Bridging the Gap Between Plans and Reality: A Data-Driven Look at Urban Land Use in Amman

by Hogeun Park , Boyeong Hong
Veraset Urban Development

Urban landscapes are transforming rapidly, often outpacing the capabilities of traditional planning tools. In Amman, Jordan—a city shaped by swift population growth and complex migration flows—this challenge is particularly acute. By leveraging data from Veraset, our recent study investigates how actual land use patterns diverge from official zoning plans and how data-driven approaches can help cities respond more effectively.

Challenge

Since 2000, Amman’s population has more than doubled, fueled in part by regional conflicts that triggered large-scale refugee inflows. This demographic surge has overwhelmed existing planning frameworks, leading to a growing mismatch between designated land uses and how neighborhoods actually function. Traditional planning methods often fail to accommodate these evolving dynamics, resulting in inefficiencies and missed opportunities for inclusive urban development.

Solution

To better understand these discrepancies between planned and actual land use, we analyzed anonymized smartphone geolocation data from Veraset through the Development Data Partnership, covering the period between January and September 2023. By overlaying this mobility data with official land use maps, we identified where and how real-world activity diverges from planned zoning. Our methodology—available on https://github.com/worldbank/understanding_urban_activity—offers a replicable framework for urban diagnostics using high-frequency, privacy-preserving data.

Here are our key findings:

1. Land Use Patterns Vary Sharply by Type

Urban activity in Amman shows distinct temporal patterns across land use types:

  • Residential areas exhibit consistent behavior across weekdays and weekends, with low morning activity and evening peaks—likely reflecting post-work routines.
  • Commercial zones are busiest on weekdays, peaking in the early afternoon.
  • Industrial zones follow a clear 8-to-5 weekday schedule, with reduced activity on weekend evenings.
  • Recreational areas show less fluctuation but are more active during evening and nighttime hours.
Figure 1: Urban activity patterns in different land uses


2. Residential Doesn’t Always Mean Residential

A deeper dive into residential zones revealed three distinct activity clusters using k-means clustering:

  • Group 1 peaked between 4–5 AM, suggesting labor or low-income housing given their longer-commuting distances.
  • Group 2 followed typical residential patterns, with evening peaks.
  • Group 3 mirrored commercial or light industrial activity, despite being zoned residential.

These findings suggest that one-third of “residential” areas are functionally mixed-use, challenging the validity of current zoning classifications.

Figure 2: Distinct urban activity patterns in residential land use


3. Outside Zoned Areas Are Functionally Active

Although not formally designated for development, “Outside Zoned Areas” exhibited structured activity patterns:
  • One cluster resembled recreational zones with weekend afternoon peaks.
  • Another followed weekday work patterns, likely linked to roads and retail.
  • A third showed nighttime activity consistent with residential use.
  • A fourth combined early morning peaks from both residential and retail activity, indicating mixed-use neighborhoods.
Figure 3: Distinct urban activity patterns outside of zoned areas

Impact

The observed discrepancies between planned and actual land use underscore the limitations of static zoning maps.

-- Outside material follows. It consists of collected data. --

(* $\mathbf\Delta$ is an open subset of $\mathcal P(\mathcal H)\times\mathcal P(\mathcal H)$ (for the operator norm topology); in particular $\mathbf\Delta$ is a submanifold of $\mathcal P(\mathcal H)\times\mathcal P(\mathcal H)$.
   Context: $\mathcal H$ is a separable infinite-dimensional complex Hilbert space, $\mathcal B(\mathcal H)$ the bounded operators, $\mathcal P(\mathcal H)=\{P\in\mathcal B(\mathcal H):P=P^2=P^*\}$ with the norm topology (a $C^\infty$ submanifold of $\mathcal B(\mathcal H)$). For a closed subspace $\mathcal S$, $P_{\mathcal S}$ denotes the orthogonal projection onto $\mathcal S$. Two closed subspaces $\mathcal S,\mathcal T$ have a common complement if there is a closed subspace $\mathcal Z$ with $\mathcal S\cap\mathcal Z=\mathcal T\cap\mathcal Z=\{0\}$ and $\mathcal S+\mathcal Z=\mathcal T+\mathcal Z=\mathcal H$. $\mathbf\Delta=\{(P_{\mathcal S},P_{\mathcal T})\in\mathcal P(\mathcal H)\times\mathcal P(\mathcal H):\mathcal S,\mathcal T\text{ have a common complement}\}$. *)

From HB Require Import structures.
From mathcomp Require Import all_boot all_order all_algebra.
From mathcomp Require Import complex.
From mathcomp Require Import boolp classical_sets reals.
Set Implicit Arguments. Unset Strict Implicit. Unset Printing Implicit Defensive.
Import Order.TTheory GRing.Theory Num.Theory.
Local Open Scope ring_scope.
Local Open Scope classical_set_scope.

Section Hilbert.
Variable R : realType.
Local Notation C := R[i].
Variable H : lmodType C.
Variable ip : H -> H -> C.

Definition hnorm (x : H) : R := Num.sqrt (complex.Re (ip x x)).

Definition is_inner_product : Prop :=
  [/\ (forall (a : C) (x y z : H), ip (a *: x + y) z = a * ip x z + ip y z),
      (forall x y : H, ip y x = conjc (ip x y)),
      (forall x : H, 0 <= ip x x) &
      (forall x : H, ip x x = 0 -> x = 0)].

Definition hconverges (u : nat -> H) (l : H) : Prop :=
  forall eps : R, 0 < eps -> exists N, forall n, (N <= n)%N -> hnorm (u n - l) < eps.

Many neighborhoods operate in ways that existing plans fail to appreciate, revealing the need for more flexible, responsive planning strategies. By integrating real-time data and urban informatics, cities like Amman can better align infrastructure, services, and regulations with how people actually live and work. To bridge the gap between plans and reality, we propose the following:

  1. Establish an Urban Observatory Create a real-time monitoring hub to track urban activity using mobile data, Geographic Information System (GIS), and other digital tools.

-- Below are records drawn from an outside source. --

(* Let $\operatorname{R}_3=\{a_0,a_1,a_2\}$ be the dihedral quandle of order $3$, with $a_ia_j=a_{2j-i \pmod 3}$. Then the set of non-zero idempotents of $\mathbb{Z}[\operatorname{R}_3]$ is $I(\mathbb{Z}[\operatorname{R}_3])=\{a_0,a_1,a_2\}$.
   Context: For a quandle $Q$, the quandle ring $\mathbb{Z}[Q]$ is the free abelian group with basis $Q$, with multiplication $\big(\sum_i\alpha_i q_i\big)\big(\sum_j\beta_j q_j\big)=\sum_{i,j}\alpha_i\beta_j (q_iq_j)$. $I(\mathbb{Z}[Q])$ denotes the set of non-zero elements $w$ with $w^2=w$. *)

From mathcomp Require Import all_boot all_order all_algebra.
Set Implicit Arguments. Unset Strict Implicit. Unset Printing Implicit Defensive.
Import GRing.Theory.
Local Open Scope ring_scope.

Notation R3 := 'I_3.
Definition r3op (i j : R3) : R3 := inord ((2 * j + 2 * i) %% 3)%N.
(* note: -i = 2i mod 3, so 2j - i = 2j + 2i mod 3 *)

(* Quandle ring Z[R_3]: elements are finitely supported Z-combinations,
   represented as functions R3 -> int (coefficient of a_i). *)
Notation ZR3 := {ffun 'I_3 -> int}.

Definition basis (i : R3) : ZR3 := [ffun k => (k == i)%:R].

Definition qmul (u v : ZR3) : ZR3 :=
  [ffun k => \sum_(i : R3) \sum_(j : R3) u i * v j * basis (r3op i j) k].

Definition idempotentsR3 : ZR3 -> Prop := fun w => w != 0 /\ qmul w w = w.

From mathcomp Require Import all_boot all_order all_algebra zify ring.
Set Implicit Arguments.
Unset Strict Implicit.
Unset Printing Implicit Defensive.

Import Order.TTheory GRing.Theory Num.Theory.
Local Open Scope ring_scope.

(* Writing w = x a_0 + y a_1 + z a_2, the equation w^2 = w reads
   x = x^2 + 2yz, y = y^2 + 2zx, z = z^2 + 2xy.  Since u <= u^2 for every
   integer u, the three products yz, zx, xy are <= 0; then
   (xyz)^2 = (xy)(yz)(zx) <= 0, so some coordinate vanishes.  The other two
   are then idempotent integers, i.e. 0 or 1, with product 0. *)

Lemma pairwise_mul_le0 (R : realDomainType) (x y z : R) :
  x * y <= 0 -> y * z <= 0 -> z * x <= 0 -> [\/ x = 0, y = 0 | z = 0].
Proof.
move=> xy yz zx.
have sqr_le0 : (x * y * z) ^+ 2 <= 0.
  have -> : (x * y * z) ^+ 2 = (x * y) * (y * z) * (z * x) by ring.
  by apply: mulr_ge0_le0 => //; apply: mulr_le0.
have /eqP : x * y * z = 0.
  by apply/eqP; rewrite -sqrf_eq0 eq_le sqr_le0 sqr_ge0.
by rewrite !mulf_eq0 -orbA => /or3P[] /eqP; [constructor 1|constructor 2|constructor 3].
Qed.

Lemma int_le_sqr (x : int) : x <= x ^+ 2.
Proof. nia. Qed.

Lemma int_idem (x : int) : x ^+ 2 = x -> (x == 0) || (x == 1).
Proof.
by move=> idx; rewrite -[x == 1]subr_eq0 -mulf_eq0 mulrBr mulr1 -expr2 idx subrr.
Qed.

Lemma int_idempotent_coords (x y z : int) :
  x ^+ 2 + 2 * y * z = x -> y ^+ 2 + 2 * z * x = y -> z ^+ 2 + 2 * x * y = z ->
  (x, y, z) \in [:: (0, 0, 0); (1, 0, 0); (0, 1, 0); (0, 0, 1)].
Proof.
move=> ex ey ez.
have nonpos (u v t : int) : u ^+ 2 + 2 * v * t = u -> v * t <= 0.
  by move=> eu; have := int_le_sqr u; lia.
have [x0|y0|z0] := pairwise_mul_le0 (nonpos _ _ _ ez) (nonpos _ _ _ ex) (nonpos _ _ _ ey);
  [move: ey ez ex; rewrite x0 | move: ex ez ey; rewrite y0 | move: ex ey ez; rewrite z0];
  rewrite !(mulr0, mul0r, addr0) => /int_idem/orP[]/eqP-> /int_idem/orP[]/eqP->;
  by rewrite ?(mulr0, mul0r, addr0).
Qed.

Definition r0 : R3 := @Ordinal 3 0 isT.
Definition r1 : R3 := @Ordinal 3 1 isT.
Definition r2 : R3 := @Ordinal 3 2 isT.

Lemma sum_R3 (V : nmodType) (F : R3 -> V) : \sum_i F i = F r0 + F r1 + F r2.
Proof.
by rewrite !big_ord_recr big_ord0 /= add0r; congr (F _ + F _ + F _); apply: val_inj.
Qed.

Lemma ffun_R3_ext (T : Type) (u v : {ffun R3 -> T}) :
  u r0 = v r0 -> u r1 = v r1 -> u r2 = v r2 -> u = v.
Proof. by move=> e0 e1 e2; apply/ffunP => -[[|[|[|//]]] lt]; rewrite (bool_irrelevance lt isT). Qed.

Lemma sum_indicator (T : finType) (R : pzSemiRingType) (a : T) (F : T -> R) :
  \sum_t (t == a)%:R * F t = F a.
Proof. by rewrite (bigD1 a) //= eqxx mul1r big1 ?addr0 // => t /negbTE->; rewrite mul0r. Qed.

Lemma qmul_basis (i j : R3) : qmul (basis i) (basis j) = basis (r3op i j).
Proof.
apply/ffunP => k; rewrite ffunE.
under eq_bigr => i' _ do under eq_bigr => j' _ do rewrite !ffunE -mulrA.
under eq_bigr do rewrite -mulr_sumr.
by rewrite !sum_indicator ffunE.
Qed.

Lemma r3op_val (i j : R3) : (r3op i j : nat) = ((2 * j + 2 * i) %% 3)%N.
Proof. by rewrite /r3op inordK ?ltn_pmod. Qed.

Lemma r3op_idem (i : R3) : r3op i i = i.
Proof. by apply/val_inj; rewrite /= r3op_val; case: i => [[|[|[|]]] ?]. Qed.

Lemma qmul_sqrE (w : ZR3) :
  [/\ qmul w w r0 = w r0 ^+ 2 + 2 * w r1 * w r2,
      qmul w w r1 = w r1 ^+ 2 + 2 * w r2 * w r0
    & qmul w w r2 = w r2 ^+ 2 + 2 * w r0 * w r1].
Proof. by split; rewrite ffunE !sum_R3 !ffunE -!val_eqE /= !r3op_val /r0 /r1 /r2 /=; ring. Qed.

Theorem proposition4p3 (w : ZR3) :
  idempotentsR3 w <-> exists i : R3, w = basis i.
Proof.
split=> [[w_neq0 w_idem] | [i ->]].
- have [e0 e1 e2] := qmul_sqrE w; rewrite w_idem in e0 e1 e2.
  have := int_idempotent_coords (esym e0) (esym e1) (esym e2).
  rewrite !inE => /or4P[] /eqP[w0 w1 w2].
  + by case/eqP: w_neq0; apply: ffun_R3_ext; rewrite ffunE.
  + by exists r0; apply: ffun_R3_ext; rewrite ffunE.
  + by exists r1; apply: ffun_R3_ext; rewrite ffunE.
  + by exists r2; apply: ffun_R3_ext; rewrite ffunE.
- split; last by rewrite qmul_basis r3op_idem.
  by apply/eqP => /ffunP/(_ i); rewrite !ffunE eqxx.
Qed.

  2. Implement Dynamic Zoning Regularly update land use plans based on observed activity patterns, not just projections.

  3. Engage Communities Involve residents in zoning reforms through consultations and participatory planning, especially in informal or mixed-use areas.

  4. Integrate Informal Areas Recognize and support the economic and social roles of informal settlements through targeted infrastructure and policy interventions.